──────── INPUT MATERIAL

(* Let $T=\bigoplus_p\mathbb Z(p)$ (sum over all primes) and $G=\prod_p\mathbb Z(p)$, so $T$ is the torsion subgroup of $G$. Then $G$ and $T$ are strongly co-Hopfian, but $G/T$ is not strongly co-Hopfian.
   Context: All groups are abelian. A group $G$ is strongly co-Hopfian if for every endomorphism $f$ of $G$ there is $n\in\mathbb N$ with $f^n(G)=f^{n+1}(G)$. $\mathbb Z(p)$ denotes the cyclic group of order $p$. *)

From HB Require Import structures.
From mathcomp Require Import all_boot all_algebra.
From mathcomp Require Import boolp classical_sets.
From mathcomp Require Import ring_quotient generic_quotient.

Set Implicit Arguments.
Unset Strict Implicit.
Unset Printing Implicit Defensive.

Import GRing.Theory.

Definition strongly_coHopfian (V : zmodType) : Prop :=
  forall f : {additive V -> V},
    exists n : nat, range (iter n f) = range (iter n.+1 f).

(* The p-th coordinate lives in {0,..,p-1} = Z(p) when p is prime; the
   coordinates at non-primes are forced to be 0 (trivial group Z/1). *)
Definition pmod (n : nat) : nat := if prime n then n else 1.

Lemma pmod_gt0 n : 0 < pmod n.
Proof. by rewrite /pmod; case: ifP => // /prime_gt0. Qed.

Record Gprod := MkG { gval : nat -> nat; gvalP : `[< forall n, gval n < pmod n >] }.

HB.instance Definition _ := [isSub for gval].
HB.instance Definition _ := [Choice of Gprod by <:].

Lemma gval_lt (x : Gprod) n : gval x n < pmod n.
Proof. by move: (gvalP x) => /asboolP. Qed.

Definition gzero : Gprod.
Proof. by refine (@MkG (fun _ => 0) _); apply/asboolP => n; exact: pmod_gt0. Defined.

Definition gadd (x y : Gprod) : Gprod.
Proof.
refine (@MkG (fun n => (gval x n + gval y n) %% pmod n) _).
by apply/asboolP => n; rewrite ltn_pmod // pmod_gt0.
Defined.

Definition gopp (x : Gprod) : Gprod.
Proof.
refine (@MkG (fun n => (pmod n - gval x n) %% pmod n) _).
by apply/asboolP => n; rewrite ltn_pmod // pmod_gt0.
Defined.

Lemma gaddA : associative gadd.
Proof.
move=> x y z; apply: val_inj; apply: funext => n /=.
by rewrite modnDml modnDmr addnA.
Qed.
(* The abelian group $D_2(H)$ is isomorphic to the abelian group $G$ given by the following presentation. Generators: symbols $t(a,b;c,d)$ for $a,b,c,d\in H$ and symbols $s(a,b)$ for $a,b\in H$. Relations, for all $a,b,c,d,e\in H$: (1) $t$ is multilinear in its four arguments; (2) (AS) $t(a,b;c,d)=-t(b,a;c,d)=-t(a,b;d,c)$ and $t(a,b;c,d)=t(c,d;a,b)$; (3) (IHX) $t(a,b;c,d)=t(a,d;c,b)+t(a,c;b,d)$; (4) $s(a,a)=0$ and $s(a,b)=s(b,a)$; (5) $2\,s(a,b)=t(a,b;a,b)$; (6) $s(a+b,c)=s(a,c)+s(b,c)+t(a,c;b,c)$. An isomorphism $G\to D_2(H)$ is given by $t(a,b;c,d)\mapsto T(a,b;c,d)$ and $s(a,b)\mapsto a\odot b$.
   Context: Let $g\ge1$ and let $\Sigma_{g,1}$ be a compact connected oriented surface of genus $g$ with one boundary component. Let $H=H_1(\Sigma_{g,1};\mathbb Z)\cong\mathbb Z^{2g}$ with intersection form $\omega:H\times H\to\mathbb Z$. $\mathcal L(H)=\bigoplus_{k\ge1}\mathcal L_k(H)$ is the free Lie ring on $H$, embedded in the tensor algebra $T(H)$ via $[x,y]=x\otimes y-y\otimes x$. Put $D_k(H):=\ker\big(H\otimes\mathcal L_{k+1}(H)\to\mathcal L_{k+2}(H),\ h\otimes u\mapsto[h,u]\big)$. For $a,b,c,d\in H$ put $T(a,b;c,d):=a\otimes[b,[c,d]]+b\otimes[[c,d],a]+c\otimes[d,[a,b]]+d\otimes[[a,b],c]$ and $a\odot b:=a\otimes[b,[a,b]]+b\otimes[[a,b],a]$; these are elements of $D_2(H)$ ($T(a,b;c,d)$ is the expansion of the uni-trivalent tree with two trivalent vertices, leaves $a,b$ attached to one vertex and $c,d$ to the other, and $a\odot b=\tfrac12 T(a,b;a,b)$). *)

From HB Require Import structures.
From mathcomp Require Import all_boot all_algebra.

Set Implicit Arguments.
Unset Strict Implicit.
Unset Printing Implicit Defensive.

Import GRing.Theory.
Local Open Scope ring_scope.

(* H = H_1(Sigma_{g,1}; Z) = Z^n with n = 2g, realised as integer row vectors.
   The degree-k part T_k(H) = H^{(x)k} of the tensor algebra is realised as
   integer-valued functions on words (k-tuples) in the standard basis of H. *)

Section Tensors.
Variable n : nat.

Definition H := 'rV[int]_n.
Definition Tk (k : nat) := {ffun k.-tuple 'I_n -> int}.

Definition emb (a : H) : Tk 1 := [ffun w => a 0 (tnth w ord0)].

Definition tmul p q (x : Tk p) (y : Tk q) : Tk (p + q) :=
  [ffun w => x [tuple tnth w (lshift q i) | i < p]
           * y [tuple tnth w (rshift p i) | i < q]].

Definition tcastT p q (e : p = q) (x : Tk p) : Tk q :=
  [ffun w => x (tcast (esym e) w)].

Definition br p q (x : Tk p) (y : Tk q) : Tk (p + q) :=
  tmul x y - tcastT (addnC q p) (tmul y x).

(* L_k(H): the degree-k part of the free Lie ring on H inside T(H),
   i.e. the additive subgroups generated by H and closed under brackets *)
Inductive lie : forall k, Tk k -> Prop :=
  | lie_gen (a : H) : lie (emb a)
  | lie_br p q (x : Tk p) (y : Tk q) : lie x -> lie y -> lie (br x y)
  | lie_0 k : lie (0 : Tk k)
  | lie_add k (x y : Tk k) : lie x -> lie y -> lie (x + y)
  | lie_opp k (x : Tk k) : lie x -> lie (- x).

(* H (x) L_k(H), viewed inside T_1 (x) T_k = T_(1+k) *)
Inductive HL k : Tk (1 + k) -> Prop :=
  | HL_gen (a : H) (u : Tk k) : lie u -> HL (tmul (emb a) u)
  | HL_0 : HL 0
  | HL_add x y : HL x -> HL y -> HL (x + y)
  | HL_opp x : HL x -> HL (- x).

(* the bracket map T_1 (x) T_k -> T_(1+k), h (x) u |-> [h,u] = h u - u h,
   written on basis words: (h (x) u) rotated gives u (x) h *)
Definition rotidx k (i : 'I_k.+1) : 'I_k.+1 := inord ((i + k) %% k.+1).
Definition bmap k (x : Tk k.+1) : Tk k.+1 :=
  [ffun w => x w - x [tuple tnth w (rotidx i) | i < k.+1]].

(* D_k(H) = ker (H (x) L_(k+1) -> L_(k+2)) *)
Definition Dk k (x : Tk k.+2) : Prop := HL (k := k.+1) x /\ bmap x = 0.
Lemma le_tail_ball_inf N j s t : (N <= j)%N ->
  ball t j.+1%:R^-1 `<=` ball s N.+1%:R^-1 ->
  tail_ball_inf N s <= tail_ball_inf j t.
Proof.
move=> Nj ts; apply: ereal_inf_le_tmp => _ [m jm [u tu ->]].
by exists m; [exact: leq_trans jm|exists u => //; exact: ts].
Qed.

Lemma lipschitz_minorant_ge_near N s (c : R) : c%:E < tail_ball_inf N s ->
  \forall j \near \oo, (c <= lipschitz_minorant j s)%R.
Proof.
move=> cH; have [c0|c0] := ltrP c 0.
  by near=> j; apply: le_trans (ltW c0) (lipschitz_minorant_ge0 _ _).
(* Points t with d(s, t) < 1/q see B(t, 1/(j+1)) inside B(s, 1/(N+1)), so
   their truncated infimum is >= c; the others pay j d(s, t) >= j/q >= c. *)
pose q : R := (N.+1 * 2)%:R.
have q0 : (0 < q)%R by rewrite ltr0n.
near=> j; apply: lipschitz_envelope_ge => t.
have jd0 : (0 <= j%:R * mdist s t)%R by rewrite mulr_ge0 ?mdist_ge0.
have [st|ts] := ltrP (mdist s t) q^-1.
- rewrite -[c]addr0 lerD // -lee_fin truncated_tail_infE le_min.
  rewrite (le_trans (ltW cH)) /=; last first.
    apply: le_tail_ball_inf => [|u]; first by near: j; exact: nbhs_infty_ge.
    rewrite !ballEmdist /= => tu; apply: le_lt_trans (metric_triangle s t u) _.
    have <- : (q^-1 + q^-1 = N.+1%:R^-1 :> R)%R.
      by rewrite -mulr2n -[in LHS]mulr_natr /q natrM invfM -mulrA mulVf ?mulr1.
    apply: ltr_leD st (le_trans (ltW tu) _).
    rewrite lef_pV2 ?posrE // ler_nat mulSn add2n ltnS muln2.
    by near: j; exact: nbhs_infty_ge.
  rewrite lee_fin (le_trans _ (_ : c * q <= j%:R))%R ?ler_peMr ?ler1n //.
  by near: j; exact: nbhs_infty_ger.
- rewrite ler_wpDl ?truncated_tail_inf_ge0 //.
  apply: le_trans (_ : j%:R * q^-1 <= _)%R; last by rewrite ler_wpM2l.
  by rewrite ler_pdivlMr //; near: j; exact: nbhs_infty_ger.
Unshelve. all: by end_near. Qed.

Lemma tail_ball_inf_le_liminf N s :
  tail_ball_inf N s <= limn_einf (fun j => (lipschitz_minorant j s)%:E).
Proof.
apply/lee_fin_ltP => c /lipschitz_minorant_ge_near cH.
by apply: limn_einf_ge; apply: filterS cH => j; rewrite lee_fin.
Qed.

End lipschitz_minorant.

Section liminf_joint_lemmas.
Context {R : realType} {S : pmetricType R}.
Implicit Types f g : nat -> borel S -> \bar R.

Lemma liminf_joint_lower_semicontinuous f :
  lower_semicontinuous (liminf_joint f).
Proof.
move=> x a /ereal_sup_gt[_ [n [d d0 ->]] ad].
exists (ball x (d / 2)%R); first by apply: nbhsx_ballx; rewrite divr_gt0.
move=> y xy; apply: (lt_le_trans ad); apply: le_trans (_ : _ <= ereal_inf
  [set z | exists2 m, (n <= m)%N & exists2 s', ball y (d / 2)%R s' & z = f m s']) _.
  apply: ereal_inf_le_tmp => _ [m nm [s' ys' ->]]; exists m => //; exists s' => //.
  move: xy ys'; rewrite !ballEmdist /= => xy ys'.
  by have := metric_triangle x y s'; lra.
by apply: ereal_sup_ubound; exists n, (d / 2)%R => //; rewrite divr_gt0.
Qed.
(* Lower bound: if [r = dP/dQ] and [V(P,Q) = t >= v], the mixture with density
   [l r + 1 - l], [l = v/t], has variation exactly [v] and, by convexity of
   [x ln x], divergence at most [l D(P||Q) <= D(P||Q)].
   Upper bound: an event [A] with [Q(A) = y] in [[1/2, 1)] carries the density
   [(y - v/2)/y] on [A] and [(1 - y + v/2)/(1 - y)] off [A], which moves mass
   [v/2] out of [A]: its variation is [v] and its divergence [KL2(y - v/2, y)].
   Letting [y] decrease to [beta] and using continuity of [y |-> KL2(y - v/2, y)]
   gives the bound; for [beta = 1] the right-hand side is [+oo]. *)

From HB Require Import structures.
From mathcomp Require Import all_boot all_order all_algebra.
From mathcomp Require Import all_classical all_reals all_analysis.
From mathcomp Require Import measurable_realfun.
From mathcomp Require Import ring lra.

Set Implicit Arguments.
Unset Strict Implicit.
Unset Printing Implicit Defensive.
Import Order.TTheory GRing.Theory Num.Theory.
Import numFieldNormedType.Exports.
Local Open Scope classical_set_scope.
Local Open Scope ring_scope.
Local Open Scope charge_scope.

Section xlnx_inequalities.
Variable R : realType.
Implicit Types r l x : R.
(* Let $(M,g)$ be a Riemannian manifold of dimension $n$ with Riemann curvature tensor $R$, and let $p$ be an integer with $1\leq p\leq n/2$. Then $(M,g)$ is $p$-pure if and only if at each point $m\in M$ there exists a family $\{h_i:i\in I\}$ of symmetric bilinear forms on $T_mM$ which are simultaneously diagonalizable (by an orthonormal basis of $T_mM$) such that $R^p$ at $m$ belongs to $\mathrm{Span}\{h_{i_1}h_{i_2}\cdots h_{i_p}: i_1,\dots,i_p\in I\}$.
   Context: For a Euclidean vector space $(V,g)$, a double form of degree $(p,q)$ is an element of $\Lambda^pV^*\otimes\Lambda^qV^*$, identified with a multilinear form skew-symmetric in its first $p$ and in its last $q$ arguments; bilinear forms on $V$ are $(1,1)$ double forms. The exterior product of double forms is defined on decomposable elements by $(\theta_1\otimes\theta_2)(\theta_3\otimes\theta_4)=(\theta_1\wedge\theta_3)\otimes(\theta_2\wedge\theta_4)$ and extended bilinearly; $h_{i_1}\cdots h_{i_p}$ and $R^p$ denote products for this operation. The curvature tensor $R$ at $m$ is regarded as a $(2,2)$ double form on $T_mM$. $(M,g)$ is $p$-pure if at each point $m$ there is an orthonormal basis $(e_i)$ of $T_mM$, with dual basis $(e_i^* )$, such that $R^p\in\mathrm{Span}\{e_{i_1}^*\wedge\cdots\wedge e_{i_p}^*\otimes e_{i_1}^*\wedge\cdots\wedge e_{i_p}^*:1\leq i_1<\dots<i_p\leq n\}$. *)

(* Double forms on the Euclidean space R^n (standard inner
   product), represented by their components on the standard basis. *)
From HB Require Import structures.
From mathcomp Require Import all_boot all_order all_algebra fingroup perm.
From mathcomp Require Import reals.
Unset Printing Implicit Defensive.
Import Order.TTheory GRing.Theory Num.Theory.
Local Open Scope ring_scope.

────────────────

## WHAT TO WORK ON:
Above this task is a listing. Restate, word for word and with nothing added, the lines from the one with "tail_ball_inf N s <= limn_einf" through the one with "move=> x a /ereal_sup_gt[_ [n [d d0 ->]] ad].".

## RESPONSE AREA:
  tail_ball_inf N s <= limn_einf (fun j => (lipschitz_minorant j s)%:E).
Proof.
apply/lee_fin_ltP => c /lipschitz_minorant_ge_near cH.
by apply: limn_einf_ge; apply: filterS cH => j; rewrite lee_fin.
Qed.

End lipschitz_minorant.

Section liminf_joint_lemmas.
Context {R : realType} {S : pmetricType R}.
Implicit Types f g : nat -> borel S -> \bar R.

Lemma liminf_joint_lower_semicontinuous f :
  lower_semicontinuous (liminf_joint f).
Proof.
move=> x a /ereal_sup_gt[_ [n [d d0 ->]] ad].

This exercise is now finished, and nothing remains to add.